[Start of section]

Definition df_continuous : Prop :=
  (exists top : D, forall x, x <= top) /\
  exists Gamma : Psi -> Prop,
    (forall a b, Gamma a -> Gamma b -> Gamma (comb a b)) /\
    Gamma e /\
    (forall X : Psi -> Prop, (forall a, X a -> Gamma a) ->
        directed Psi df_le X -> exists s, is_sup_in Psi all_Psi df_le X s) /\
    (forall phi, is_sup_in Psi all_Psi df_le
        (fun psi => Gamma psi /\ way_below_in Psi all_Psi df_le psi phi) phi).
End DomainFree.

(* The map [A |-> repr A (x) e_top], sending a class to the vacuous extension
   of any of its representatives to the top domain, is a bijection from
   [Phi/sigma] onto [Phi_top].  It carries combination to combination, the
   neutral class to [e_top], focusing on [x] to [psi |-> (psi^{down x})^{up top}],
   and hence the information order of the quotient to that of [Phi_top].  The
   domain-free axioms thus become identities of the labeled algebra at [top],
   and continuity of the quotient is that of [Phi_top] with basis [Gamma_top]. *)
From Pilot Require Import Defs.
From mathcomp Require Import all_boot all_order.
From Stdlib Require Import ClassicalEpsilon FunctionalExtensionality.
From Stdlib Require Import PropExtensionality ProofIrrelevance.
Set Implicit Arguments.
Unset Strict Implicit.
Import Order.Theory.
Local Open Scope order_scope.

Lemma way_below_in_le (T : Type) (P : T -> Prop) (le : T -> T -> Prop) (a b : T) :
  (forall c, le c c) -> P b -> way_below_in T P le a b -> le a b.
Proof.
move=> le_refl Pb wb_ab.
have singleton_sup : is_sup_in T P le (eq^~ b) b.
  by split=> //; split=> [_ -> | u _]; [exact: le_refl | apply].
have singleton_directed : directed T le (eq^~ b).
  by split=> [|_ _ -> ->]; exists b => //; split=> //; split; exact: le_refl.
have singleton_P : forall c, c = b -> P c by move=> c ->.
by have [_ [-> //]] := wb_ab _ singleton_P singleton_directed b singleton_sup (le_refl b).
Qed.

Section LabeledAlgebra.
Variables (disp : Order.disp_t) (D : latticeType disp) (Phi : Type)
  (d : Phi -> D) (comb : Phi -> Phi -> Phi) (marg : Phi -> D -> Phi)
  (e : D -> Phi).
Hypothesis algebra : labeled_info_algebra disp D Phi d comb marg e.

Lemma combA a b c : comb a (comb b c) = comb (comb a b) c.
Proof. by have [ax _] := algebra; apply: ax. Qed.

Lemma combC a b : comb a b = comb b a.
Proof. by have [_ [ax _]] := algebra; apply: ax. Qed.

Lemma d_neutral s : d (e s) = s.
Proof. by have [_ [_ [ax _]]] := algebra; apply: ax. Qed.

[End of section]

### Instructions for the task
Transcribe the material in full, exactly as it is given.

### The answer
Definition df_continuous : Prop :=
  (exists top : D, forall x, x <= top) /\
  exists Gamma : Psi -> Prop,
    (forall a b, Gamma a -> Gamma b -> Gamma (comb a b)) /\
    Gamma e /\
    (forall X : Psi -> Prop, (forall a, X a -> Gamma a) ->
        directed Psi df_le X -> exists s, is_sup_in Psi all_Psi df_le X s) /\
    (forall phi, is_sup_in Psi all_Psi df_le
        (fun psi => Gamma psi /\ way_below_in Psi all_Psi df_le psi phi) phi).
End DomainFree.

(* The map [A |-> repr A (x) e_top], sending a class to the vacuous extension
   of any of its representatives to the top domain, is a bijection from
   [Phi/sigma] onto [Phi_top].  It carries combination to combination, the
   neutral class to [e_top], focusing on [x] to [psi |-> (psi^{down x})^{up top}],
   and hence the information order of the quotient to that of [Phi_top].  The
   domain-free axioms thus become identities of the labeled algebra at [top],
   and continuity of the quotient is that of [Phi_top] with basis [Gamma_top]. *)
From Pilot Require Import Defs.
From mathcomp Require Import all_boot all_order.
From Stdlib Require Import ClassicalEpsilon FunctionalExtensionality.
From Stdlib Require Import PropExtensionality ProofIrrelevance.
Set Implicit Arguments.
Unset Strict Implicit.
Import Order.Theory.
Local Open Scope order_scope.

Lemma way_below_in_le (T : Type) (P : T -> Prop) (le : T -> T -> Prop) (a b : T) :
  (forall c, le c c) -> P b -> way_below_in T P le a b -> le a b.
Proof.
move=> le_refl Pb wb_ab.
have singleton_sup : is_sup_in T P le (eq^~ b) b.
  by split=> //; split=> [_ -> | u _]; [exact: le_refl | apply].
have singleton_directed : directed T le (eq^~ b).
  by split=> [|_ _ -> ->]; exists b => //; split=> //; split; exact: le_refl.
have singleton_P : forall c, c = b -> P c by move=> c ->.
by have [_ [-> //]] := wb_ab _ singleton_P singleton_directed b singleton_sup (le_refl b).
Qed.

Section LabeledAlgebra.
Variables (disp : Order.disp_t) (D : latticeType disp) (Phi : Type)
  (d : Phi -> D) (comb : Phi -> Phi -> Phi) (marg : Phi -> D -> Phi)
  (e : D -> Phi).
Hypothesis algebra : labeled_info_algebra disp D Phi d comb marg e.

Lemma combA a b c : comb a (comb b c) = comb (comb a b) c.
Proof. by have [ax _] := algebra; apply: ax. Qed.

Lemma combC a b : comb a b = comb b a.
Proof. by have [_ [ax _]] := algebra; apply: ax. Qed.

Lemma d_neutral s : d (e s) = s.
Proof. by have [_ [_ [ax _]]] := algebra; apply: ax. Qed.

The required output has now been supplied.